**Recorded data**
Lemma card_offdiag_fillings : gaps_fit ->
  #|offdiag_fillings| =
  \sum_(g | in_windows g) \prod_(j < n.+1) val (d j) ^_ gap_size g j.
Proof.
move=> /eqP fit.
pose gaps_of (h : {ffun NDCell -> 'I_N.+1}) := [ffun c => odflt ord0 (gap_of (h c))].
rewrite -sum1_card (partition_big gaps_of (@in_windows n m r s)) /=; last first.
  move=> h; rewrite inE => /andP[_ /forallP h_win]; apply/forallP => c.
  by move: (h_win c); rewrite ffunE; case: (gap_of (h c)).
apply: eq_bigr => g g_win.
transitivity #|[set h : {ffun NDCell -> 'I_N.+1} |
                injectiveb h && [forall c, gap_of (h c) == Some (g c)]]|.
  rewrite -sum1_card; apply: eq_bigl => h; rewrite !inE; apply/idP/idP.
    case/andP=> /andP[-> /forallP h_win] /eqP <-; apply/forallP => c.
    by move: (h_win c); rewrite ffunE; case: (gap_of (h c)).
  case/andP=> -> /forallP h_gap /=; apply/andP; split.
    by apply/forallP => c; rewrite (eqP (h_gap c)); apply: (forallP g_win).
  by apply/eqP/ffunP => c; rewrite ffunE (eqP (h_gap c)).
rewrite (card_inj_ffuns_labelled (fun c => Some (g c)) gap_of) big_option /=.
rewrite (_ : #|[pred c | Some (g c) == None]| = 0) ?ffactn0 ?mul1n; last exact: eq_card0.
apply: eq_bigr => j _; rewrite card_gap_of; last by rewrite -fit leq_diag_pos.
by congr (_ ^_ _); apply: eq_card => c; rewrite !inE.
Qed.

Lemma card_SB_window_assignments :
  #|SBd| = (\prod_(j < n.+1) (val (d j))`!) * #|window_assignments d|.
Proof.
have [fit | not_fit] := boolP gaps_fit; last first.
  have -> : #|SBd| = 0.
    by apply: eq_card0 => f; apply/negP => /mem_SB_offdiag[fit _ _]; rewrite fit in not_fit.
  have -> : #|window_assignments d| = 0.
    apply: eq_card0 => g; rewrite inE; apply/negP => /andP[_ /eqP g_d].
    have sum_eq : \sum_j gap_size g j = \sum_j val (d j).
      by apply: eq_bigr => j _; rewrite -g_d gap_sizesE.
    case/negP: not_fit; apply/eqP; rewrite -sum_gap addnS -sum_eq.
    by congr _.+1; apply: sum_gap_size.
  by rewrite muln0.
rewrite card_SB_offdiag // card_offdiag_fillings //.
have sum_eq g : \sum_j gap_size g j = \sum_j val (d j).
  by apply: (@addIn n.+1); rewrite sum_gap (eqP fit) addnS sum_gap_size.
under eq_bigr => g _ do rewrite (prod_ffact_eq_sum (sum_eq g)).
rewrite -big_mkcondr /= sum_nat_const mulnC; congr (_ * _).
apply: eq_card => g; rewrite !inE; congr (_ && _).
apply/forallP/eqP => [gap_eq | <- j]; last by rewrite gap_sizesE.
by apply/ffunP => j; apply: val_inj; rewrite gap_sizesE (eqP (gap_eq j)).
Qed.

**Exercise objective**
For the word "congr", state the number of lines in the listing that contain it and nothing further.

**Written solution**
4